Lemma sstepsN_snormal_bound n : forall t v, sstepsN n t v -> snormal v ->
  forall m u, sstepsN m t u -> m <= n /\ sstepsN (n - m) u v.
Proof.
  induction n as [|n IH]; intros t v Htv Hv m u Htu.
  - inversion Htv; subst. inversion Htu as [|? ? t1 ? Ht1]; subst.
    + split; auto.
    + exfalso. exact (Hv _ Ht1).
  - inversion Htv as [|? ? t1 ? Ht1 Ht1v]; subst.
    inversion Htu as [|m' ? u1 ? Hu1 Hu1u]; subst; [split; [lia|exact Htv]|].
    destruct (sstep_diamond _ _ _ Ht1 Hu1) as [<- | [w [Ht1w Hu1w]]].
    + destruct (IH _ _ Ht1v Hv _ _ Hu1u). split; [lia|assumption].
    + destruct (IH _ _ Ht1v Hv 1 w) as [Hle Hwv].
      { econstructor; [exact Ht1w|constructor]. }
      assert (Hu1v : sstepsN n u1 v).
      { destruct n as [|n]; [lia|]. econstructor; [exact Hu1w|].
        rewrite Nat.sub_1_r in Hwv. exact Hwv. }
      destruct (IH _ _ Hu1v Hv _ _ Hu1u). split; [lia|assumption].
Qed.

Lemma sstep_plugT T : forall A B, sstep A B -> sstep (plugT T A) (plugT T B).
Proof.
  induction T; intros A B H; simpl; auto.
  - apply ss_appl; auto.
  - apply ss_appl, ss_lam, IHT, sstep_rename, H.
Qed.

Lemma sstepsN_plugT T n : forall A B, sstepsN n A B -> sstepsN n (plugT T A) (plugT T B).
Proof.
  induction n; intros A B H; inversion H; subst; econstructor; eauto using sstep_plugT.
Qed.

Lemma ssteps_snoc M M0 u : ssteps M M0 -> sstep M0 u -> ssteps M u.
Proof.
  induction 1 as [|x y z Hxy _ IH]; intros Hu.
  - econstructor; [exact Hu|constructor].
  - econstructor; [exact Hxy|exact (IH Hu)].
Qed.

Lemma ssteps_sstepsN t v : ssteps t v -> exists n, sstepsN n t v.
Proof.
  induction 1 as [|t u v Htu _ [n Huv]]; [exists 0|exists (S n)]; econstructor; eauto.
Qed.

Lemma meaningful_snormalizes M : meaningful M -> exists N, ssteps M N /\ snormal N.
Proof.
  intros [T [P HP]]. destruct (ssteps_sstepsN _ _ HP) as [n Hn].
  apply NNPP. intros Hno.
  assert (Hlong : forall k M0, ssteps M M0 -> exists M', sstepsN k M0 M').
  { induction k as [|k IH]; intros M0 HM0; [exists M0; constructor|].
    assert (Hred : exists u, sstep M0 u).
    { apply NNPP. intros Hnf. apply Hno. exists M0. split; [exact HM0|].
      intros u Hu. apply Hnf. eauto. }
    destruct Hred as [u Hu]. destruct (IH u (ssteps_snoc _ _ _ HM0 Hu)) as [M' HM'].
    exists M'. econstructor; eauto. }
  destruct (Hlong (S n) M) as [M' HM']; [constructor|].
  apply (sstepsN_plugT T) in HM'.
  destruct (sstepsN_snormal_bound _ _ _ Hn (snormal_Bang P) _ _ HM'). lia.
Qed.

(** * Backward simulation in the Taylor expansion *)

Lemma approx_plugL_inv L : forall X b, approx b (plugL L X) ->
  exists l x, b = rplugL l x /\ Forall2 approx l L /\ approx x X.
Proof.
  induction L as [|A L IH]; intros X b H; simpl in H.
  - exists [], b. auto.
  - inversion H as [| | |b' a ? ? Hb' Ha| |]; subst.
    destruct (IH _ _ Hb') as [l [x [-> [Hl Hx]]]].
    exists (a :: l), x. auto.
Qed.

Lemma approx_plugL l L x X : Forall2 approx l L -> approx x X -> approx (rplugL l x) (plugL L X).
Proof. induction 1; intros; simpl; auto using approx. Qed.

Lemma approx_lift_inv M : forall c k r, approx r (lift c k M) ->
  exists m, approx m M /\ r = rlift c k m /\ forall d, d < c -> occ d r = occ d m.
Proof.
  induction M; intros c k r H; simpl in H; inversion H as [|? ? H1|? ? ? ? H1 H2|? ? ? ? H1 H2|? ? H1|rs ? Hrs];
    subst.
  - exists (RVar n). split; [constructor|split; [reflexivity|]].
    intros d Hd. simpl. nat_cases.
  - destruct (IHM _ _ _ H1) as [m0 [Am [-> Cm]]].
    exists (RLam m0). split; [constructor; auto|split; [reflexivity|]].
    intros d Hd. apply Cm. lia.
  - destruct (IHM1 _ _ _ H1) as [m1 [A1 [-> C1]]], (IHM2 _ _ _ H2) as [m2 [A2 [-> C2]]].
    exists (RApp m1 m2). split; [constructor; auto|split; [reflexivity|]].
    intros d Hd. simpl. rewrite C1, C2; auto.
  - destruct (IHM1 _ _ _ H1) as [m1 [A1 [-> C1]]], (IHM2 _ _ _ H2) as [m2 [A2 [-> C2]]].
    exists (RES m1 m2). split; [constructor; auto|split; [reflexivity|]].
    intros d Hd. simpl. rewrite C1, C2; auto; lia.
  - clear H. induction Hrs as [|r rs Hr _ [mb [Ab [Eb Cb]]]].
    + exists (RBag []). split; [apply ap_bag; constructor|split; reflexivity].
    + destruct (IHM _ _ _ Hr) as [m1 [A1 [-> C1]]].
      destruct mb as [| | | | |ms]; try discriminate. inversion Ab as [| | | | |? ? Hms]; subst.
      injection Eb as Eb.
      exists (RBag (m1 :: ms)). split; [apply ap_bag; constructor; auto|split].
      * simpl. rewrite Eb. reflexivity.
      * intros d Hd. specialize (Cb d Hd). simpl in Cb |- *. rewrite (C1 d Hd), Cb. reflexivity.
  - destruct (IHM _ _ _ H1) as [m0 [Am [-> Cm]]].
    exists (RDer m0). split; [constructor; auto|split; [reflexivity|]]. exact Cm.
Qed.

* * *

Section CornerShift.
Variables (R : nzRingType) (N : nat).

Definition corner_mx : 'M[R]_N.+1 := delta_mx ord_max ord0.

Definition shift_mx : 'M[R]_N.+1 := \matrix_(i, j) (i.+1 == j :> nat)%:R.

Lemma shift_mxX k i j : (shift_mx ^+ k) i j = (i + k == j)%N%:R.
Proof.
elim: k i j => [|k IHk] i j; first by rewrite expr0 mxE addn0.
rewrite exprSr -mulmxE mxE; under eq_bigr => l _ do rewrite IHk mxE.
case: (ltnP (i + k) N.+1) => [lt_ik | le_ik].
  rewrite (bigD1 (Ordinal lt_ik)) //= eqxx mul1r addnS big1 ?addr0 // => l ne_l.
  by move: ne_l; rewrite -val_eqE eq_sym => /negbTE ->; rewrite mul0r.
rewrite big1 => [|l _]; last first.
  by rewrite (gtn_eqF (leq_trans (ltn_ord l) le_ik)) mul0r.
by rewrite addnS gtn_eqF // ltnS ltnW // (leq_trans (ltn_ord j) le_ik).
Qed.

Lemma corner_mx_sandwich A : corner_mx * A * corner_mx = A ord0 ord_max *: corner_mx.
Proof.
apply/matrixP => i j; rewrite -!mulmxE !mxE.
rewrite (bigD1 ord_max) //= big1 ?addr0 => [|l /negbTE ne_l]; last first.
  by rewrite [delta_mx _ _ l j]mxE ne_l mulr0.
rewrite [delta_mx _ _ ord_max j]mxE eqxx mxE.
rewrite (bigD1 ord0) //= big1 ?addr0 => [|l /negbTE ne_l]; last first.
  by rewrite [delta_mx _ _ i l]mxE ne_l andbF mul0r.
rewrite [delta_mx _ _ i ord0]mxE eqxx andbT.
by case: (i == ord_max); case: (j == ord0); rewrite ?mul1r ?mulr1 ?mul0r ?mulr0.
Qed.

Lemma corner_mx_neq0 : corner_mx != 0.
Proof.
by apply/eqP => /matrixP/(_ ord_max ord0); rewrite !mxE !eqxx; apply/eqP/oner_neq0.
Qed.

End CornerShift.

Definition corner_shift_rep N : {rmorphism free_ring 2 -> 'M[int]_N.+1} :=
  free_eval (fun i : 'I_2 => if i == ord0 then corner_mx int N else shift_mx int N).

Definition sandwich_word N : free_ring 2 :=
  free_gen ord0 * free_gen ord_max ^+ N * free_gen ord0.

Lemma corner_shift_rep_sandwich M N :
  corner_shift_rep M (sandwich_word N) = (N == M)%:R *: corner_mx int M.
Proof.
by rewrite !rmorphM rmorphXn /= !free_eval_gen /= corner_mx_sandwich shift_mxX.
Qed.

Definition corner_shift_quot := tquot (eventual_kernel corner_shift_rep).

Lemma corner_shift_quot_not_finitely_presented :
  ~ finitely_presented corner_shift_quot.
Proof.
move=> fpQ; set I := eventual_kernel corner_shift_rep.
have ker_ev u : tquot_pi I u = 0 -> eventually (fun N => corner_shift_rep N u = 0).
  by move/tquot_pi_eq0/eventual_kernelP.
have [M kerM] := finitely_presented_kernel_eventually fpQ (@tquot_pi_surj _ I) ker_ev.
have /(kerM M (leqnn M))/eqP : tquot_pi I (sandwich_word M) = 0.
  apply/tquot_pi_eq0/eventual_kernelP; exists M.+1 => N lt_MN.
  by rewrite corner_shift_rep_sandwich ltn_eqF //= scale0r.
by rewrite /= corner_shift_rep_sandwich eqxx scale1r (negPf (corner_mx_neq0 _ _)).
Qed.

### About this exercise
Lines with "reflexivity" in the records above: copy every one of them.

### Answer to the problem
  - exists (RVar n). split; [constructor|split; [reflexivity|]].
    exists (RLam m0). split; [constructor; auto|split; [reflexivity|]].
    exists (RApp m1 m2). split; [constructor; auto|split; [reflexivity|]].
    exists (RES m1 m2). split; [constructor; auto|split; [reflexivity|]].
    + exists (RBag []). split; [apply ap_bag; constructor|split; reflexivity].
      * simpl. rewrite Eb. reflexivity.
      * intros d Hd. specialize (Cb d Hd). simpl in Cb |- *. rewrite (C1 d Hd), Cb. reflexivity.
    exists (RDer m0). split; [constructor; auto|split; [reflexivity|]]. exact Cm.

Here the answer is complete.